Economics and Strategy

Risk Aversion Overwhelms Fundamentals

Global equities experienced a rollercoaster ride as sentiment shifts on the US-China trade dispute collided with a stream of Dovish commentary from central bankers. Risk aversion was a key theme last quarter as investors sold equities and poured cash into money market funds and US treasuries at a rate similar to that seen last December and during the 2008 Global Financial Crisis. Worries over a U.S. recession, deteriorating global trade and soft economic data led some EM central banks to break with convention and ease before the Fed.

Conviction levels among global equity investors is low, and this has been reflected not only in fund flows away from shares but also investors ignoring extremely attractive valuations. Furthermore, while economic data has reversed, there are no signs that the world is heading into a deflationary abyss with 1Q19 European wage data the best since 2009. Moreover, the drop in negative nominal yields has meant that real interest rates are extremely accommodative for financial markets, especially for equities.
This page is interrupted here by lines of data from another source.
(* Let $X=\mathrm{Bl}_{x_0}\mathbb{P}^2$ with hyperplane class $H$ and exceptional divisor $E$, $b>1$, $\beta=b[H]-[E]$, $p\in\mathbb{R}$, and for $s<pb$ let $\tilde\alpha_s=p[H]-s[E]$ and $\tilde c_s=\frac{p^2-s^2-b^2+1}{2(pb-s)}=\frac{\tilde\alpha_s^2-\beta^2}{2\tilde\alpha_s\cdot\beta}$. Then $$\tilde c_s<\min\Big(\frac pb,\ \frac{p-s}{b-1},\ bp\Big).$$ In particular: (1) $\tilde\alpha_s-\tilde c_s\beta$ is a big class, and it is Kähler (resp. nef) if and only if $s>\tilde c_s$ (resp. $s\ge\tilde c_s$); (2) $(X,\tilde\alpha_s,\beta)$ is dHYM-stable (resp. semi-stable) if and only if $s>\tilde c_s$ (resp. $s\ge\tilde c_s$).
   Context: For a class $\alpha$ with $\alpha\cdot\beta\neq0$ the dHYM angle satisfies $\cot\vartheta=\frac{\alpha^2-\beta^2}{2\alpha\cdot\beta}$. $(X,\alpha,\beta)$ is dHYM-stable if for every Kähler class $\gamma$ and $k=1,2$, $\mathrm{Re}(\alpha+\sqrt{-1}\beta)^k\cdot\gamma^{2-k}\ge\cot\vartheta\,\mathrm{Im}(\alpha+\sqrt{-1}\beta)^k\cdot\gamma^{2-k}$, and for every curve $Z$, $\mathrm{Re}(\alpha+\sqrt{-1}\beta)\cdot Z>\cot\vartheta\,\mathrm{Im}(\alpha+\sqrt{-1}\beta)\cdot Z$; dHYM-semi-stable is the same with all inequalities non-strict. *)

From Stdlib Require Import Reals Lra List.
Open Scope R_scope.

(* Model of H^{1,1}(X,R) for X = Bl_{x0} P^2: the class  ch*[H] + ce*[E]. *)
Record cls := mkcls { ch : R ; ce : R }.

Definition clsH : cls := mkcls 1 0.
Definition clsE : cls := mkcls 0 1.
Definition cadd (u v : cls) : cls := mkcls (ch u + ch v) (ce u + ce v).
Definition cscale (t : R) (u : cls) : cls := mkcls (t * ch u) (t * ce u).
Definition csub (u v : cls) : cls := cadd u (cscale (-1) v).

(* Intersection form: H^2 = 1, E^2 = -1, H.E = 0. *)
Definition dot (u v : cls) : R := ch u * ch v - ce u * ce v.

(* Classes of irreducible curves on X: the exceptional curve E, and the strict
   transforms d[H] - m[E] of irreducible plane curves of degree d >= 1 having
   multiplicity m at x0 (0 <= m <= d, with m = d only for lines, d = 1). *)
Definition curve_class (Z : cls) : Prop :=
  Z = clsE \/
  exists d m : nat, (1 <= d)%nat /\ (m <= d)%nat /\ ((m < d)%nat \/ d = 1%nat) /\
    Z = mkcls (INR d) (- INR m).

Definition nef (g : cls) : Prop := forall Z, curve_class Z -> 0 <= dot g Z.

(* Kähler (= ample, as h^{2,0}(X)=0): Nakai–Moishezon criterion. *)
Definition kahler (g : cls) : Prop :=
  0 < dot g g /\ forall Z, curve_class Z -> 0 < dot g Z.

Definition effective (D : cls) : Prop :=
  exists l : list (R * cls),
    Forall (fun q => 0 <= fst q /\ curve_class (snd q)) l /\
    D = fold_right (fun q acc => cadd (cscale (fst q) (snd q)) acc) (mkcls 0 0) l.

Definition big (g : cls) : Prop :=
  exists A D, kahler A /\ effective D /\ g = cadd A D.

Definition cot_dHYM (a b : cls) : R := (dot a a - dot b b) / (2 * dot a b).

(* Re / Im of (alpha + i beta)^k . gamma^(2-k), k = 1, 2. *)
Definition Re1 (a b g : cls) : R := dot a g.
Definition Im1 (a b g : cls) : R := dot b g.
Definition Re2 (a b : cls) : R := dot a a - dot b b.
Definition Im2 (a b : cls) : R := 2 * dot a b.

Definition dHYM_stable (a b : cls) : Prop :=
  (forall g, kahler g ->
     Re1 a b g >= cot_dHYM a b * Im1 a b g /\
     Re2 a b >= cot_dHYM a b * Im2 a b) /\
  (forall Z, curve_class Z -> dot a Z > cot_dHYM a b * dot b Z).

Definition dHYM_semistable (a b : cls) : Prop :=
  (forall g, kahler g ->
     Re1 a b g >= cot_dHYM a b * Im1 a b g /\
     Re2 a b >= cot_dHYM a b * Im2 a b) /\
  (forall Z, curve_class Z -> dot a Z >= cot_dHYM a b * dot b Z).

From Stdlib Require Import Reals Lra Psatz List.
Open Scope R_scope.

(* The curve classes are E and d H - m E with 0 <= m <= d, so x H - y E is
   nef (resp. Kähler) iff 0 <= y <= x (resp. 0 < y < x): it suffices to test
   E and the line H - E through x0.  The curve conditions of dHYM
   (semi-)stability say that gamma := alpha - (cot theta) beta is Kähler
   (resp. nef); the conditions against Kähler classes then come for free,
   since nef classes pair nonnegatively with Kähler classes and the k = 2
   inequality is an equality.  Here cot theta = c and
   gamma = (p - c b) H - (s - c) E; clearing the positive denominator
   2 (p b - s) turns the three bounds on c into sums of squares, giving
   p - c b > s - c and p - c b > 0, so all is decided by the sign of s - c. *)

Lemma curve_exceptional : curve_class clsE.
Proof. now left. Qed.

Lemma curve_line : curve_class (mkcls 1 (-1)).
Proof. right; exists 1%nat, 1%nat; simpl; repeat split; auto. Qed.

Lemma dot_curve_cases (x y : R) (Z : cls) : curve_class Z ->
  dot (mkcls x (- y)) Z = y \/
  exists d m : nat, 1 <= INR d /\ INR m <= INR d /\
    dot (mkcls x (- y)) Z = INR d * (x - y) + (INR d - INR m) * y.
Proof.
  intros [-> | [d [m [hd [hm [_ ->]]]]]]; unfold dot; simpl.
  - left; ring.
  - right; exists d, m; split; [|split].
    + now apply le_INR in hd.
    + now apply le_INR.
    + ring.
Qed.

Lemma dot_curve_nonneg (x y : R) (Z : cls) :
  0 <= y <= x -> curve_class Z -> 0 <= dot (mkcls x (- y)) Z.
Proof.
  intros hxy hZ.
  destruct (dot_curve_cases x y Z hZ) as [-> | [d [m [hd [hm ->]]]]]; nra.
Qed.

Lemma dot_curve_pos (x y : R) (Z : cls) :
  0 < y < x -> curve_class Z -> 0 < dot (mkcls x (- y)) Z.
Proof.
  intros hxy hZ.
  destruct (dot_curve_cases x y Z hZ) as [-> | [d [m [hd [hm ->]]]]]; nra.
Qed.

Lemma nef_mkcls_iff (x y : R) : nef (mkcls x (- y)) <-> 0 <= y <= x.
Proof.
  split.
  - intros h.
    pose proof (h _ curve_exceptional) as hE; pose proof (h _ curve_line) as hL.
    unfold dot, clsE in hE, hL; simpl in hE, hL; lra.
  - intros hxy Z; exact (dot_curve_nonneg x y Z hxy).
Qed.

Lemma kahler_iff_pos_curves (g : cls) :
  kahler g <-> forall Z, curve_class Z -> 0 < dot g Z.
Proof.
  split; [now intros [_ h]|].
  intros h; split; [|exact h].
  pose proof (h _ curve_exceptional) as hE; pose proof (h _ curve_line) as hL.
  destruct g as [x e]; unfold dot, clsE in *; simpl in *; nra.
Qed.

Lemma kahler_mkcls_iff (x y : R) : kahler (mkcls x (- y)) <-> 0 < y < x.
Proof.
  rewrite kahler_iff_pos_curves; split.
  - intros h.
    pose proof (h _ curve_exceptional) as hE; pose proof (h _ curve_line) as hL.
    unfold dot, clsE in hE, hL; simpl in hE, hL; lra.
  - intros hxy Z; exact (dot_curve_pos x y Z hxy).
Qed.

Lemma nef_of_kahler (g : cls) : kahler g -> nef g.
Proof. intros [_ h] Z hZ; exact (Rlt_le _ _ (h Z hZ)). Qed.

(* The pairing of x H + e E with u H + v E is (x + e) u - e (u + v), and
   every factor is a pairing with E or H - E. *)
Lemma dot_nef_kahler_nonneg (a g : cls) : nef a -> kahler g -> 0 <= dot a g.
Proof.
  intros ha [_ hg].
  pose proof (ha _ curve_exceptional) as aE; pose proof (ha _ curve_line) as aL.
  pose proof (hg _ curve_exceptional) as gE; pose proof (hg _ curve_line) as gL.
  destruct a as [x e], g as [u v]; unfold dot, clsE in *; simpl in *.
  replace (x * u - e * v) with ((x + e) * u + (- e) * (u + v)) by ring.
  apply Rplus_le_le_0_compat; apply Rmult_le_pos; lra.
Qed.

Lemma effective_scale_curve (t : R) (Z : cls) :
  0 <= t -> curve_class Z -> effective (cscale t Z).
Proof.
  intros ht hZ; exists ((t, Z) :: nil); split.
  - constructor; [split; assumption | constructor].
  - destruct Z; unfold cadd, cscale; simpl; f_equal; ring.
Qed.

(* Subtract from x H - y E a nonnegative multiple of E so as to land in the
   Kähler cone 0 < y' < x. *)
Lemma big_mkcls (x y : R) : 0 < x -> y < x -> big (mkcls x (- y)).
Proof.
  intros hx hxy; set (y' := Rmax y (x / 2)).
  assert (hy' : y <= y' /\ x / 2 <= y') by (split; [apply Rmax_l | apply Rmax_r]).
  assert (hy'x : y' < x) by (unfold y'; apply Rmax_lub_lt; lra).
  exists (mkcls x (- y')), (cscale (y' - y) clsE); split; [|split].
  - apply kahler_mkcls_iff; lra.
  - apply effective_scale_curve; [lra | exact curve_exceptional].
  - unfold cadd, cscale, clsE; simpl; f_equal; ring.
Qed.

Lemma dot_csub_cscale (a v g : cls) (t : R) :
  dot (csub a (cscale t v)) g = dot a g - t * dot v g.
Proof. destruct a, v, g; unfold dot, csub, cadd, cscale; simpl; ring. Qed.

Lemma cot_dHYM_mul_Im2 (a b : cls) :
  dot a b <> 0 -> cot_dHYM a b * Im2 a b = Re2 a b.
Proof. intros hab; unfold cot_dHYM, Re2, Im2; field; exact hab. Qed.

Lemma dHYM_kahler_test_of_nef (a b g : cls) :
  dot a b <> 0 -> nef (csub a (cscale (cot_dHYM a b) b)) -> kahler g ->
  Re1 a b g >= cot_dHYM a b * Im1 a b g /\
  Re2 a b >= cot_dHYM a b * Im2 a b.
Proof.
  intros hab hnef hg; unfold Re1, Im1; split.
  - pose proof (dot_nef_kahler_nonneg _ _ hnef hg) as h.
    rewrite dot_csub_cscale in h; lra.
  - rewrite cot_dHYM_mul_Im2 by exact hab; lra.
Qed.

Lemma dHYM_stable_iff_kahler (a b : cls) : dot a b <> 0 ->
  dHYM_stable a b <-> kahler (csub a (cscale (cot_dHYM a b) b)).
Proof.
  intros hab; rewrite kahler_iff_pos_curves; split.
  - intros [_ h] Z hZ; rewrite dot_csub_cscale; specialize (h Z hZ); lra.
  - intros h; split.
    + intros g hg; apply dHYM_kahler_test_of_nef; [exact hab | | exact hg].
      apply nef_of_kahler, kahler_iff_pos_curves; exact h.
    + intros Z hZ; specialize (h Z hZ); rewrite dot_csub_cscale in h; lra.
Qed.

Lemma dHYM_semistable_iff_nef (a b : cls) : dot a b <> 0 ->
  dHYM_semistable a b <-> nef (csub a (cscale (cot_dHYM a b) b)).
Proof.
  intros hab; split.
  - intros [_ h] Z hZ; rewrite dot_csub_cscale; specialize (h Z hZ); lra.
  - intros h; split.
    + intros g hg; apply dHYM_kahler_test_of_nef; assumption.
    + intros Z hZ; specialize (h Z hZ); rewrite dot_csub_cscale in h; lra.
Qed.

Section SlopeBounds.

Variables b p s c : R.
Hypothesis hb : 1 < b.
Hypothesis hs : s < p * b.
Hypothesis hc : c * (2 * (p * b - s)) = p ^ 2 - s ^ 2 - b ^ 2 + 1.

Lemma slope_mul_b_lt : c * b < p.
Proof.
  apply (Rmult_lt_reg_l (2 * (p * b - s))); [lra|].
  replace (2 * (p * b - s) * (c * b)) with (b * (c * (2 * (p * b - s)))) by ring.
  rewrite hc.
  assert (hsq : 0 < b * p ^ 2 - 2 * p * s + b * s ^ 2 + b ^ 3 - b).
  { apply (Rmult_lt_reg_l b); [lra|]; rewrite Rmult_0_r.
    replace (b * (b * p ^ 2 - 2 * p * s + b * s ^ 2 + b ^ 3 - b))
      with ((b * p - s) ^ 2 + (b ^ 2 - 1) * s ^ 2 + b ^ 2 * (b ^ 2 - 1)) by ring.
    assert (0 < b ^ 2 - 1) by nra.
    pose proof (pow2_ge_0 (b * p - s)); pose proof (pow2_ge_0 s); nra. }
  lra.
Qed.

Lemma slope_mul_pred_b_lt : c * (b - 1) < p - s.
Proof.
  apply (Rmult_lt_reg_l (2 * (p * b - s))); [lra|].
  replace (2 * (p * b - s) * (c * (b - 1)))
    with ((b - 1) * (c * (2 * (p * b - s)))) by ring.
  rewrite hc.
  assert (2 * (p * b - s) * (p - s) - (b - 1) * (p ^ 2 - s ^ 2 - b ^ 2 + 1)
          = (b + 1) * (p - s) ^ 2 + (b - 1) * (b ^ 2 - 1)) by ring.
  assert (0 <= (b + 1) * (p - s) ^ 2) by (apply Rmult_le_pos; [lra | apply pow2_ge_0]).
  assert (0 < (b - 1) * (b ^ 2 - 1)) by (apply Rmult_lt_0_compat; nra).
  lra.
Qed.

Lemma slope_lt_b_mul_p : c < b * p.
Proof.
  apply (Rmult_lt_reg_l (2 * (p * b - s))); [lra|].
  rewrite (Rmult_comm _ c), hc.
  assert (2 * (p * b - s) * (b * p) - (p ^ 2 - s ^ 2 - b ^ 2 + 1)
          = (b ^ 2 - 1) * p ^ 2 + (b * p - s) ^ 2 + (b ^ 2 - 1)) by ring.
  assert (0 < b ^ 2 - 1) by nra.
  assert (0 <= (b ^ 2 - 1) * p ^ 2) by (apply Rmult_le_pos; [lra | apply pow2_ge_0]).
  pose proof (pow2_ge_0 (b * p - s)); lra.
Qed.

End SlopeBounds.

Lemma lt_div_of_mul_lt (a x d : R) : 0 < d -> a * d < x -> a < x / d.
Proof.
  intros hd h; apply (Rmult_lt_reg_r d); [exact hd|].
  unfold Rdiv; rewrite Rmult_assoc, Rinv_l, Rmult_1_r; lra.
Qed.

Theorem lemma4p4 (b p s : R) (hb : 1 < b) (hs : s < p * b) :
  let beta := mkcls b (-1) in
  let alpha := mkcls p (- s) in
  let c := (p ^ 2 - s ^ 2 - b ^ 2 + 1) / (2 * (p * b - s)) in
  c = (dot alpha alpha - dot beta beta) / (2 * dot alpha beta) /\
  c < Rmin (p / b) (Rmin ((p - s) / (b - 1)) (b * p)) /\
  (big (csub alpha (cscale c beta)) /\
   (kahler (csub alpha (cscale c beta)) <-> s > c) /\
   (nef (csub alpha (cscale c beta)) <-> s >= c)) /\
  (dHYM_stable alpha beta <-> s > c) /\
  (dHYM_semistable alpha beta <-> s >= c).
Proof.
  intros beta alpha c.
  assert (hab : dot alpha beta = p * b - s) by (unfold dot; simpl; ring).
  assert (hcot : cot_dHYM alpha beta = c)
    by (unfold cot_dHYM, c; rewrite hab; unfold dot; simpl; field; lra).
  assert (hc : c * (2 * (p * b - s)) = p ^ 2 - s ^ 2 - b ^ 2 + 1)
    by (unfold c; field; lra).
  pose proof (slope_mul_b_lt b p s c hb hs hc) as hx.
  pose proof (slope_mul_pred_b_lt b p s c hb hs hc) as hxy.
  pose proof (slope_lt_b_mul_p b p s c hb hs hc) as hbp.
  assert (hgam : csub alpha (cscale c beta) = mkcls (p - c * b) (- (s - c)))
    by (unfold csub, cadd, cscale; simpl; f_equal; ring).
  assert (hab0 : dot alpha beta <> 0) by lra.
  rewrite dHYM_stable_iff_kahler, dHYM_semistable_iff_nef, hcot, hgam by exact hab0.
  rewrite kahler_mkcls_iff, nef_mkcls_iff.
  split; [now rewrite <- hcot|].
  split; [|split; [split; [apply big_mkcls; lra | split; lra] | split; split; lra]].
  repeat apply Rmin_glb_lt; [| |exact hbp]; apply lt_div_of_mul_lt; lra.
Qed.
One of the dichotomies confusing investors presently is the divergence between manufacturing and services data releases. The former has seen poorer announcements which disproportionately effect earnings estimates while the latter is experiencing ongoing expansion but there are few pure listed service companies. We expect equity investors to ‘capitulate’ and switch from cash to equities as earnings revisions become “less bad” over the next quarter. Valuations are very attractive in Europe, EM and within the S&P 500 energy, materials and industrials.